Jesus faces into the full powers of Death and Sin, into all the self-loathing and shame that weighs down so heavily upon us. He bears it. He transforms it. He heals it.

As he is lifted up on the cross, we see the love and grace — and victory — that are the flaming heart of the universe, a love that goes to furthest depths to find us, to claim us, to free us from bondage to whatever self-loathing and shame have brought us low. And to lift us up. Our failures and addictions are real. Their consequences can be devastating.

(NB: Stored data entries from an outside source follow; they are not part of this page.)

(* Let $n\ge 2$ be an integer, let $A$ be a complex Banach algebra, and let $0<r<\frac{1}{2}$, $\theta\in[0,\infty)$ be real numbers. Suppose $f:A\to A$ satisfies $$\Big\|\mu f\Big(\frac{x+y}{2}\Big)+\mu f\Big(\frac{x-y}{2}\Big)-f(\mu x)+f(a^n)-\big(f(a)a^{n-1}+af(a)a^{n-2}+\cdots+a^{n-2}f(a)a+a^{n-1}f(a)\big)\Big\|\le \theta(\|x\|^r\|y\|^r+\|a\|^{2r})$$ for all $\mu\in\mathbb{T}$ and all $x,y,a\in A$. Then there exists a unique $n$-Jordan derivation $D:A\to A$ such that $$\|f(x)-D(x)\|\le \frac{3^r\theta}{2-2^r}\|x\|^{2r}$$ for all $x\in A$.
   Context: $\mathbb{T}=\{\mu\in\mathbb{C}:|\mu|=1\}$. For an integer $n\ge 2$, an $n$-Jordan derivation on an algebra $A$ is a linear map $D:A\to A$ such that $D(a^n)=D(a)a^{n-1}+aD(a)a^{n-2}+\cdots+a^{n-2}D(a)a+a^{n-1}D(a)$ for all $a\in A$. *)

From HB Require Import structures.
From mathcomp Require Import all_boot all_order all_algebra.
From mathcomp Require Import all_classical all_reals all_analysis.
From mathcomp Require Import complex.
Set Implicit Arguments. Unset Strict Implicit. Unset Printing Implicit Defensive.
Import Order.TTheory GRing.Theory Num.Theory.
Import numFieldNormedType.Exports.
Local Open Scope ring_scope.
Local Open Scope complex_scope.

(* The complex field is R[i] (= complex R) for R : realType.
   A complex Banach space is a completeNormedModType R[i]; its norm
   takes values in R[i] (nonnegative reals), we read them in R via Re. *)
Definition nrm (R : realType) (A : normedModType R[i]) (x : A) : R :=
  complex.Re `|x|.

Definition banach_algebra_mul (R : realType) (A : completeNormedModType R[i])
  (mul : A -> A -> A) : Prop :=
  (forall x y z, mul x (mul y z) = mul (mul x y) z) /\
  (forall x y z, mul (x + y) z = mul x z + mul y z) /\
  (forall x y z, mul x (y + z) = mul x y + mul x z) /\
  (forall (c : R[i]) x y, mul (c *: x) y = c *: mul x y) /\
  (forall (c : R[i]) x y, mul x (c *: y) = c *: mul x y) /\
  (forall x y, nrm (mul x y) <= nrm x * nrm y).

Definition lpow (A : Type) (mul : A -> A -> A) (a : A) (k : nat) (x : A) : A :=
  iter k (mul a) x.
Definition rpow (A : Type) (mul : A -> A -> A) (a : A) (k : nat) (x : A) : A :=
  iter k (fun y => mul y a) x.

Definition apow (A : Type) (mul : A -> A -> A) (a : A) (n : nat) : A :=
  lpow mul a n.-1 a.

Definition jordan_sum (R : realType) (A : completeNormedModType R[i])
  (mul : A -> A -> A) (n : nat) (D : A -> A) (a : A) : A :=
  \sum_(k < n) rpow mul a (n.-1 - k) (lpow mul a k (D a)).

Definition n_jordan_derivation (R : realType) (A : completeNormedModType R[i])
  (mul : A -> A -> A) (n : nat) (D : A -> A) : Prop :=
  [/\ (forall x y, D (x + y) = D x + D y),
      (forall (c : R[i]) x, D (c *: x) = c *: D x)
    & (forall a, D (apow mul a n) = jordan_sum mul n D a)].

(* Put y = 0 and a = 0: the right-hand side vanishes, which forces f 0 = 0 and
   f (mu x) = mu (f (x/2) + f (x/2)) for unimodular mu, so f is T-homogeneous and
   commutes with doubling.  With a = 0, x = u + v, y = u - v, the Cauchy defect
   f u + f v - f (u + v) is bounded by a quantity that grows like (2^(2r))^k when
   u, v are replaced by 2^k u, 2^k v, while the defect itself grows like 2^k;
   since 2r < 1 it vanishes.  An additive T-homogeneous map is C-linear, so the
   Jordan defect f (a^n) - sum a^k f(a) a^(n-1-k) is homogeneous of degree n >= 2
   and bounded by theta |a|^(2r), hence zero by the same scaling argument.  Thus
   f itself is the n-Jordan derivation, and for any other D the linear map f - D
   is bounded by a multiple of |x|^(2r), hence zero. *)

From HB Require Import structures.
From mathcomp Require Import all_boot all_order all_algebra.
From mathcomp Require Import all_classical all_reals all_analysis.
From mathcomp Require Import complex.
From mathcomp Require Import lra zify.
Import Order.TTheory GRing.Theory Num.Theory.
Import numFieldNormedType.Exports.
Local Open Scope ring_scope.
Local Open Scope classical_set_scope.
Local Open Scope complex_scope.

Section Reals.
Context {R : realType}.

Lemma geometric_domination_le0 (d C p q : R) :
  0 < q -> q < p -> (forall k, d * p ^+ k <= C * q ^+ k) -> d <= 0.
Proof.
move=> q0 qp dom; have p0 : 0 < p by apply: lt_trans qp.
have qp1 : `|q / p| < 1 by rewrite ger0_norm ?divr_ge0 ?ltW // ltr_pdivrMr // mul1r.
have lim0 : C * (q / p) ^+ k @[k --> \oo] --> (0 : R).
  by rewrite -(mulr0 C); apply: cvgMl_tmp; exact: cvg_expr.
rewrite -(cvg_lim _ lim0) //; apply: limr_ge; first by apply/cvg_ex; exists 0.
by near=> k; rewrite expr_div_n mulrA ler_pdivlMr ?exprn_gt0 //; exact: dom.
Unshelve. all: by end_near. Qed.

Lemma gt1_ltr_powR (a s t : R) : 1 < a -> s < t -> a `^ s < a `^ t.
Proof.
move=> a1 st; have a0 : 0 < a by apply: lt_trans a1.
by rewrite /powR gt_eqF // ltr_expR ltr_pM2r // ln_gt0.
Qed.

Lemma double_lt1 {r : R} : r < 2^-1 -> 2 * r < 1.
Proof. by rewrite mulrC -ltr_pdivlMr // mul1r. Qed.

End Reals.

Section Norm.
Context {R : realType} {V : normedModType R[i]}.

Lemma nrmE (x : V) : `|x| = (nrm x)%:C.
Proof. by have /ger0_Im := normr_ge0 x; rewrite /nrm; case: `|x| => a b /= ->. Qed.

Lemma nrm_ge0 (x : V) : 0 <= nrm x.
Proof. by rewrite -lecR -nrmE; exact: normr_ge0. Qed.

Lemma nrm0 : nrm (0 : V) = 0.
Proof. by rewrite /nrm normr0. Qed.

Lemma nrm_le0 (x : V) : nrm x <= 0 -> x = 0.
Proof. by rewrite -lecR -nrmE normr_le0 => /eqP. Qed.

Lemma nrmZ_nat (k : nat) (x : V) : nrm ((k%:R : R[i]) *: x) = k%:R * nrm x.
Proof.
by rewrite {1}/nrm normrZ normr_nat nrmE -(rmorph_nat (real_complex R)) -rmorphM.
Qed.

Lemma powR_nrmZ_pow2 (s : R) (k : nat) (x : V) :
  nrm (((2 ^ k)%:R : R[i]) *: x) `^ s = (2 `^ s) ^+ k * nrm x `^ s.
Proof.
by rewrite nrmZ_nat powRM ?nrm_ge0 // natrX -powR_mulrn // powRAC powR_mulrn ?powR_ge0.
Qed.

End Norm.

Lemma homogeneous_bounded_eq0 {R : realType} {V W : normedModType R[i]}
    {g : V -> W} (m : nat) {s C : R} :
  s < m%:R -> (forall x, g (2%:R *: x) = 2%:R ^+ m *: g x) ->
  (forall x, nrm (g x) <= C * nrm x `^ s) -> forall x, g x = 0.
Proof.
move=> s_lt_m g2 g_bound x; apply: nrm_le0.
have g_pow2 k : g ((2 ^ k)%:R *: x) = ((2 ^ m) ^ k)%:R *: g x.
  elim: k => [|k IH]; first by rewrite !expn0 !scale1r.
  by rewrite expnS natrM -scalerA g2 IH scalerA -natrX -natrM -expnS.
apply: (@geometric_domination_le0 _ _ (C * nrm x `^ s) (2 ^ m)%:R (2 `^ s)).
- exact: powR_gt0.
- by rewrite natrX -powR_mulrn // gt1_ltr_powR // ltr1n.
move=> k; have := g_bound ((2 ^ k)%:R *: x).
by rewrite g_pow2 nrmZ_nat powR_nrmZ_pow2 natrX; lra.
Qed.

Section Scaling.
Context {R : realType}.

Lemma scale_half_double {V : lmodType R[i]} (u : V) : (2%:R : R[i])^-1 *: (u + u) = u.
Proof. by rewrite -mulr2n -[u *+ 2]scaler_nat scalerA mulVf ?scale1r // pnatr_eq0. Qed.

Lemma double_inj {V : lmodType R[i]} (u v : V) : u + u = v + v -> u = v.
Proof. by move=> uv; rewrite -(scale_half_double u) uv scale_half_double. Qed.

Lemma unimodular_additive_scalable {V W : lmodType R[i]} {f : V -> W} :
  {morph f : x y / x + y} ->
  (forall mu : R[i], `|mu| = 1 -> forall x, f (mu *: x) = mu *: f x) ->
  forall (c : R[i]) x, f (c *: x) = c *: f x.
Proof.
move=> fD fT.
have f_nat k x : f (k%:R *: x) = k%:R *: f x.
  elim: k => [|k IH]; last by rewrite -addn1 natrD !scalerDl fD IH !scale1r.
  by apply/(addrI (f 0)); rewrite !scale0r -fD !addr0.
have f_real1 t x : -1 <= t <= 1 -> f (t%:C *: x) = t%:C *: f x.
  (* t is the common real part of the unimodular numbers t +- i sqrt (1 - t^2). *)
  case/andP=> t1 t2; set s := Num.sqrt (1 - t ^+ 2).
  have s2 : s ^+ 2 = 1 - t ^+ 2 by rewrite sqr_sqrtr //; nra.
  have mu1 : `|t +i* s| = 1 by rewrite normc_def /= s2 addrC subrK sqrtr1.
  have nu1 : `|t +i* (- s)| = 1 by rewrite normc_def /= sqrrN s2 addrC subrK sqrtr1.
  have mu_nu : (t +i* s) + (t +i* (- s)) = t%:C + t%:C by simpc.
  apply: double_inj.
  by rewrite -fD -scalerDl -mu_nu scalerDl fD !fT // -scalerDl mu_nu scalerDl.
have f_real t x : f (t%:C *: x) = t%:C *: f x.
  set M := (Num.truncn `|t|).+1.
  have M0 : 0 < M%:R :> R by rewrite ltr0n.
  have -> : t%:C = M%:R * (t / M%:R)%:C.
    by rewrite -(rmorph_nat (real_complex R)) -rmorphM mulrCA divff ?mulr1 ?gt_eqF.
  rewrite -!scalerA f_nat f_real1 // -ler_norml normrM normfV (gtr0_norm M0).
  by rewrite ler_pdivrMr // mul1r ltW // truncnS_gt.
have i1 : `|'i : R[i]| = 1 by rewrite normc_def /= expr0n /= add0r expr1n sqrtr1.
move=> c x; rewrite (complexE c) !scalerDl fD f_real -scalerA fT // f_real.
by rewrite scalerA.
Qed.

End Scaling.

Section ApproximateMap.
Context {R : realType} {V : normedModType R[i]} {f E : V -> V} {r theta : R}.
Hypothesis r_gt0 : 0 < r.
Hypothesis r_lt_half : r < 2^-1.
Hypothesis f_approx : forall mu : R[i], `|mu| = 1 -> forall x y a : V,
  nrm (mu *: f ((2%:R : R[i])^-1 *: (x + y)) + mu *: f ((2%:R : R[i])^-1 *: (x - y))
       - f (mu *: x) + E a)
  <= theta * (nrm x `^ r * nrm y `^ r + nrm a `^ (2 * r)).

Let two_r_lt1 : 2 * r < 1 := double_lt1 r_lt_half.

Let half (x : V) := (2%:R : R[i])^-1 *: x.

Lemma approx_halves_eq0 (mu : R[i]) : `|mu| = 1 -> forall x : V,
  mu *: f (half x) + mu *: f (half x) - f (mu *: x) + E 0 = 0.
Proof.
move=> mu1 x; apply: nrm_le0; have := f_approx _ mu1 x 0 0.
by rewrite addr0 subr0 nrm0 !powR0 ?mulf_neq0 ?gt_eqF // mulr0 addr0 mulr0.
Qed.

Lemma approx_map0 : f 0 = 0.
Proof.
have := approx_halves_eq0 _ (normr1 _) 0; have := approx_halves_eq0 _ (normrN1 _) 0.
rewrite /half !scaler0 !scaleN1r !scale1r.
rewrite -!opprD addrC addrK => /eqP; rewrite subr_eq0 => /eqP ->.
rewrite !addrA => f4.
by apply: double_inj; rewrite addr0; apply: double_inj; rewrite addr0 addrA.
Qed.

Lemma approx_defect0 : E 0 = 0.
Proof.
have := approx_halves_eq0 _ (normr1 _) 0.
by rewrite /half !scale1r scaler0 approx_map0 addr0 subr0 add0r.
Qed.

Lemma approx_scale_halves (mu : R[i]) : `|mu| = 1 ->
  forall x, f (mu *: x) = mu *: (f (half x) + f (half x)).
Proof.
move=> mu1 x; have := approx_halves_eq0 _ mu1 x.
by rewrite approx_defect0 addr0 scalerDr => /eqP; rewrite subr_eq0 => /eqP.
Qed.

Lemma approx_halves (x : V) : f x = f (half x) + f (half x).
Proof. by have := approx_scale_halves _ (normr1 _) x; rewrite !scale1r. Qed.

Lemma approx_unimodular (mu : R[i]) : `|mu| = 1 -> forall x, f (mu *: x) = mu *: f x.
Proof. by move=> mu1 x; rewrite approx_scale_halves // -approx_halves. Qed.

Lemma approx_double (x : V) : f (x + x) = f x + f x.
Proof. by rewrite approx_halves /half scale_half_double. Qed.

Lemma approx_pow2 (k : nat) (x : V) : f ((2 ^ k)%:R *: x) = (2 ^ k)%:R *: f x.
Proof.
elim: k => [|k IH]; first by rewrite expn0 !scale1r.
by rewrite expnS mulSn mul1n natrD !scalerDl approx_double IH.
Qed.

Lemma approx_additive : {morph f : u v / u + v}.
Proof.
move=> u v; apply/eqP; rewrite eq_sym -subr_eq0; apply/eqP/nrm_le0.
set q := 2 `^ (2 * r) : R.
have q_eq : q = 2 `^ r * 2 `^ r.
  by rewrite /q mulr_natl (mulr2n r) powRD // pnatr_eq0 implybT.
have q_lt2 : q < 2 by rewrite -[X in _ < X]powRr1 // gt1_ltr_powR ?ltr1n.
apply: (@geometric_domination_le0 _ _ (theta * (nrm (u + v) `^ r * nrm (u - v) `^ r)) 2 q)
  => //; first exact: powR_gt0.
move=> k; set c : R[i] := (2 ^ k)%:R.
have sum_uv : c *: (u + v) + c *: (u - v) = c *: u + c *: u.
  by rewrite -!scalerDr addrACA subrr addr0.
have diff_uv : c *: (u + v) - c *: (u - v) = c *: v + c *: v.
  by rewrite -scalerBr -scalerDr opprB addrC addrA subrK.
have := f_approx _ (normr1 _) (c *: (u + v)) (c *: (u - v)) 0.
rewrite sum_uv diff_uv /half !scale_half_double !scale1r approx_defect0.
rewrite !approx_pow2 -scalerDr -scalerBr addr0 nrmZ_nat !powR_nrmZ_pow2 nrm0.
rewrite powR0 ?mulf_neq0 ?gt_eqF // addr0 natrX q_eq exprMn; lra.
Qed.

Lemma approx_defect_bound (a : V) : nrm (E a) <= theta * nrm a `^ (2 * r).
Proof.
have := f_approx _ (normr1 _) 0 0 a.
rewrite subr0 addr0 !scaler0 !scale1r approx_map0 !addr0 subr0 add0r.
by rewrite nrm0 powR0 ?gt_eqF // mul0r add0r.
Qed.

End ApproximateMap.

Section JordanHomogeneity.
Context {R : realType} {A : completeNormedModType R[i]} (mul : A -> A -> A).
Hypothesis mulZl : forall (c : R[i]) x y, mul (c *: x) y = c *: mul x y.
Hypothesis mulZr : forall (c : R[i]) x y, mul x (c *: y) = c *: mul x y.

Lemma lpowZ a k (c : R[i]) x : lpow mul a k (c *: x) = c *: lpow mul a k x.
Proof. by elim: k => //= k IH; rewrite /lpow /= -/(lpow _ _ _ _) IH mulZr. Qed.

Lemma rpowZ a k (c : R[i]) x : rpow mul a k (c *: x) = c *: rpow mul a k x.
Proof. by elim: k => //= k IH; rewrite /rpow /= -/(rpow _ _ _ _) IH mulZl. Qed.

Lemma lpowZ_base a k (c : R[i]) x : lpow mul (c *: a) k x = c ^+ k *: lpow mul a k x.
Proof.
elim: k => [|k IH]; first by rewrite expr0 scale1r.
by rewrite /lpow /= -!/(lpow _ _ _ _) IH mulZl mulZr scalerA exprS.
Qed.

Lemma rpowZ_base a k (c : R[i]) x : rpow mul (c *: a) k x = c ^+ k *: rpow mul a k x.
Proof.
elim: k => [|k IH]; first by rewrite expr0 scale1r.
by rewrite /rpow /= -!/(rpow _ _ _ _) IH mulZl mulZr scalerA exprSr.
Qed.

Lemma apowZ n a (c : R[i]) : (0 < n)%N -> apow mul (c *: a) n = c ^+ n *: apow mul a n.
Proof. by case: n => // n _; rewrite /apow /= lpowZ_base lpowZ scalerA -exprSr. Qed.

Lemma jordan_sumZ n (D : A -> A) a (c : R[i]) :
  (forall y, D (c *: y) = c *: D y) ->
  jordan_sum mul n D (c *: a) = c ^+ n *: jordan_sum mul n D a.
Proof.
move=> DZ; rewrite /jordan_sum scaler_sumr; apply: eq_bigr => k _.
rewrite DZ lpowZ_base lpowZ rpowZ_base !rpowZ !scalerA -!exprD -exprSr.
by congr (_ ^+ _ *: _); have := ltn_ord k; lia.
Qed.

Definition jordan_defect n (D : A -> A) a := D (apow mul a n) - jordan_sum mul n D a.

Lemma jordan_defectZ n (D : A -> A) a (c : R[i]) : (0 < n)%N ->
  (forall c' y, D (c' *: y) = c' *: D y) ->
  jordan_defect n D (c *: a) = c ^+ n *: jordan_defect n D a.
Proof.
by move=> n_gt0 DZ; rewrite /jordan_defect apowZ // DZ jordan_sumZ // scalerBr.
Qed.

End JordanHomogeneity.

Theorem corollary2p6 (R : realType) (A : completeNormedModType R[i])
  (mul : A -> A -> A) (n : nat) (r theta : R) (f : A -> A) :
  banach_algebra_mul mul ->
  (2 <= n)%N ->
  0 < r -> r < 2^-1 -> 0 <= theta ->
  (forall (mu : R[i]), `|mu| = 1 -> forall x y a : A,
     nrm (mu *: f ((2%:R : R[i])^-1 *: (x + y)) + mu *: f ((2%:R : R[i])^-1 *: (x - y))
          - f (mu *: x) + f (apow mul a n) - jordan_sum mul n f a)
     <= theta * (nrm x `^ r * nrm y `^ r + nrm a `^ (2 * r))) ->
  exists! D : A -> A,
    n_jordan_derivation mul n D /\
    (forall x : A, nrm (f x - D x) <= 3 `^ r * theta / (2 - 2 `^ r) * nrm x `^ (2 * r)).
Proof.
move=> [_ [_ [_ [mulZl [mulZr _]]]]] n_ge2 r_gt0 r_lt_half theta_ge0 f_approx.
have E_approx : forall mu : R[i], `|mu| = 1 -> forall x y a : A,
    nrm (mu *: f ((2%:R : R[i])^-1 *: (x + y)) + mu *: f ((2%:R : R[i])^-1 *: (x - y))
         - f (mu *: x) + jordan_defect mul n f a)
    <= theta * (nrm x `^ r * nrm y `^ r + nrm a `^ (2 * r)).
  by move=> mu mu1 x y a; rewrite addrA; exact: f_approx.
have fD := approx_additive r_gt0 r_lt_half E_approx.
have fZ := unimodular_additive_scalable fD (approx_unimodular r_gt0 E_approx).
have two_r_lt1 := double_lt1 r_lt_half.
have defect0 : forall a, jordan_defect mul n f a = 0.
  apply: (homogeneous_bounded_eq0 n _ _ (approx_defect_bound r_gt0 E_approx)).
  - by apply: lt_le_trans two_r_lt1 _; rewrite ler1n ltnW.
  - by move=> a; apply: jordan_defectZ => //; rewrite ltnW.
exists f; split; first split.
- split; [exact: fD | exact: fZ | move=> a].
  by apply/eqP; rewrite -subr_eq0; apply/eqP; exact: defect0.
- move=> x; rewrite subrr nrm0; apply: mulr_ge0; last exact: powR_ge0.
  rewrite divr_ge0 ?mulr_ge0 ?powR_ge0 // subr_ge0 ltW //.
  by rewrite -[ltRHS]powRr1 // gt1_ltr_powR ?ltr1n //; lra.
- move=> D [[_ DZ _] D_bound]; apply/funext => x; apply/eqP; rewrite -subr_eq0.
  apply/eqP; move: x; apply: (homogeneous_bounded_eq0 1 _ _ D_bound) => //.
  by move=> x; rewrite fZ DZ -scalerBr expr1.
Qed.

We face them knowing that they are not the last word. The last word, and the first, is a grace we can never earn, only receive. Rest in this grace. Rest in Christ and his cross to which the world’s sin and self-loathing and shame have been nailed and destroyed. Rest in his grace as long as you need.

Then, when you are ready, go again into the world God loves and take up the struggle for justice and peace, the work of mending God’s creation, trusting his promise that far more can mended than you know. Amen.